● Work order
Which lines in the records below hold the word "Scope"? Copy each of them.

● Records shown

Lemma limn_esup_ge u c :
  (forall N, exists2 m, (N <= m)%N & c <= u m) -> c <= limn_esup u.
Proof.
move=> freq; rewrite limn_esupE; apply: le_ereal_inf_tmp => _ [N _ <-].
have [m le_Nm le_c] := freq N; apply: le_trans le_c _.
by apply: ereal_sup_ubound; exists m.
Qed.

End LimnEsup.

Section AllIncrement.
Context {Sigma : finType} (A : pac Sigma) {R : realType}.
Hypothesis all_incr : forall q a, Cst A q a.

Lemma segcost_all_incr w m m' : segcost A w m m' = (m' - m)%N.
Proof.
rewrite /segcost (eq_bigr (fun=> 1%N)) => [|j _]; last by rewrite all_incr.
by rewrite sum_nat_const_nat muln1.
Qed.

Lemma Cor_first_answer w m k :
  let c := Omega A (runst A w m) in
  odd c -> (0 < k)%N -> Ans A c (Omega A (runst A w (m + k))) ->
  (forall t, (0 < t < k)%N -> ~ Ans A c (Omega A (runst A w (m + t)))) ->
  Cor A w m = (k%:R)%:E :> \bar R.
Proof.
move=> c odd_c k_gt0 ans_k no_ans; rewrite /Cor -/c odd_c /=.
apply/eqP; rewrite eq_le; apply/andP; split.
  apply: ereal_inf_lbound; exists (m + k)%N; first by split=> //; lia.
  by rewrite segcost_all_incr addKn.
apply: le_ereal_inf_tmp => _ [m' [lt_mm' ans_m'] <-].
rewrite segcost_all_incr lee_fin ler_nat leqNgt; apply/negP => lt_m'k.
by apply: (no_ans (m' - m)%N); [lia | rewrite subnKC // ltnW].
Qed.

End AllIncrement.

Section StrategyCost.
Context {SI SO : finType} {R : realType} (A : pac (SI * SO)%type) (f : nat -> nat).
Local Open Scope ereal_scope.
Implicit Types (tau : @strategyO SI SO) (c : \bar R).

Lemma strat_cost_le tau c :
  (forall alpha m, Cor A (outcome f tau alpha) m <= c) -> strat_cost A f tau <= c.
Proof. by move=> le_c; apply: ge_ereal_sup => _ [alpha _ <-]; exact: limn_esup_le. Qed.

Lemma strat_cost_ge tau alpha c :
  (forall N, exists2 m, (N <= m)%N & c <= Cor A (outcome f tau alpha) m) ->
  c <= strat_cost A f tau.
Proof.
move=> freq; apply: (le_trans (limn_esup_ge _ _ freq)).
by apply: ereal_sup_ubound; exists alpha.
Qed.

Lemma winning_of_Cor_le tau (c : R) :
  (forall alpha m, Cor A (outcome f tau alpha) m <= c%:E) ->
  winning f (@lang R _ A) tau.
Proof.
move=> le_c alpha; rewrite /lang /accepting /=.
exact: le_lt_trans (limn_esup_le _ _ (le_c alpha)) (ltry c).
Qed.

Lemma optimal_winning_lower_bound tau c :
  winning f (@lang R _ A) tau -> strat_cost A f tau = c ->
  (forall tau', c <= strat_cost A f tau') -> @optimal_winning _ _ R A f tau.
Proof. by move=> win_tau cost_tau le_c; split=> // tau' _; rewrite cost_tau. Qed.

End StrategyCost.

Lemma prefix_len_fk k j : prefix_len (fk k) j = (k.+1 + j)%N.
Proof.
elim: j => [|j IH]; first by rewrite /prefix_len big_ord1 addn0.
by rewrite /prefix_len big_ord_recr /= -/(prefix_len _ _) IH addn1 addnS.
Qed.

Definition lookahead : @strategyO bool bool := fun s => last false s.

Lemma lookahead_bets_right alpha m :
  let w := outcome (fk 1) lookahead alpha in (w m.+1).1 = (w m).2.
Proof.
rewrite /= prefix_len_fk /lookahead -[(2 + m)%N]/(m.+1).+1 -(addn1 m.+1).
by rewrite iotaD map_cat last_cat.
Qed.

Fixpoint spoiler_prefix (tau : @strategyO bool bool) (j : nat) : seq bool :=
  if j is j'.+1 then rcons (spoiler_prefix tau j') (~~ tau (spoiler_prefix tau j'))
  else [::].

Definition spoiler (tau : @strategyO bool bool) (j : nat) : bool :=
  ~~ tau (spoiler_prefix tau j).

Lemma spoiler_prefixE tau j : [seq spoiler tau m | m <- iota 0 j] = spoiler_prefix tau j.
Proof. by elim: j => [//|j IH]; rewrite -addn1 iotaD map_cat IH /= addn1 cats1. Qed.

Lemma spoiler_bets_wrong tau m :
  let w := outcome (fk 0) tau (spoiler tau) in (w m.+1).1 != (w m).2.
Proof. by rewrite /= prefix_len_fk /spoiler spoiler_prefixE /= add0n; case: (tau _). Qed.

Section BettingAutomaton.
Local Open Scope nat_scope.
Variable n : nat.
Hypothesis n_gt0 : 0 < n.

Definition bet_step (i : nat) (ab : bool * bool) : nat :=
  if i < 2 then (if nat_of_bool ab.1 == i then 2 else n.+1)
  else if i == 2 then nat_of_bool ab.2 else i.-1.

Definition bet_aut : pac (bool * bool)%type :=
  Pac 'I_n.+2 (inord 2) (fun i ab => inord (bet_step i ab))
      (fun i => if i < 2 then 2 else 1) (fun _ _ => true).

Definition state_at (w : nat -> bool * bool) (m : nat) : nat :=
  nat_of_ord (runst bet_aut w m).

Lemma bet_step_lt i ab : i < n.+2 -> bet_step i ab < n.+2.
Proof. by rewrite /bet_step; case: ab => [[] []]; repeat case: ifP; lia. Qed.

Lemma state_at0 w : state_at w 0 = 2.
Proof. by rewrite /state_at /= inordK //; lia. Qed.

Lemma state_atS w m : state_at w m.+1 = bet_step (state_at w m) (w m).
Proof. by rewrite /state_at /= inordK // bet_step_lt. Qed.

Lemma bet_aut_finitary_buchi : finitary_buchi bet_aut.
Proof.
split=> //; apply/seteqP; split=> c /=.
  by case=> i _ <-; case: ifP; [right | left].
case=> ->; last by exists ord0.
by exists (inord 2) => //=; rewrite inordK //; lia.
Qed.

Lemma state_at_countdown w m t :
  2 <= state_at w m -> t <= (state_at w m).-2 ->
  state_at w (m + t) = state_at w m - t.
Proof.
move=> ge2; elim: t => [|t IH] le_t; first by rewrite addn0 subn0.
rewrite addnS state_atS IH ?(ltnW le_t) // /bet_step.
by do 2 case: ifP; lia.
Qed.

Lemma state_at_countdown_end w m :
  2 <= state_at w m -> state_at w (m + (state_at w m).-1) < 2.
Proof.
move=> ge2; have -> : (state_at w m).-1 = ((state_at w m).-2).+1 by lia.
rewrite addnS state_atS state_at_countdown // /bet_step.
by do 2 case: ifP => ? //; lia.
Qed.

Lemma bet_aut_Ans (q : state bet_aut) : Ans bet_aut 1 (Omega bet_aut q) <-> q < 2.
Proof.
rewrite /Ans /=; case: ltnP => q2; split=> //.
- by move=> _; split=> //; exists q; rewrite ?q2.
- by case=> _ [].
Qed.

Lemma state_at_ge2_frequently w N : exists2 m, N <= m & 2 <= state_at w m.
Proof.
have [lt2 | ] := ltnP (state_at w N) 2; last by exists N.
by exists N.+1; rewrite // state_atS /bet_step lt2; case: ifP; lia.
Qed.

● Written answer
Local Open Scope ereal_scope.
Local Open Scope nat_scope.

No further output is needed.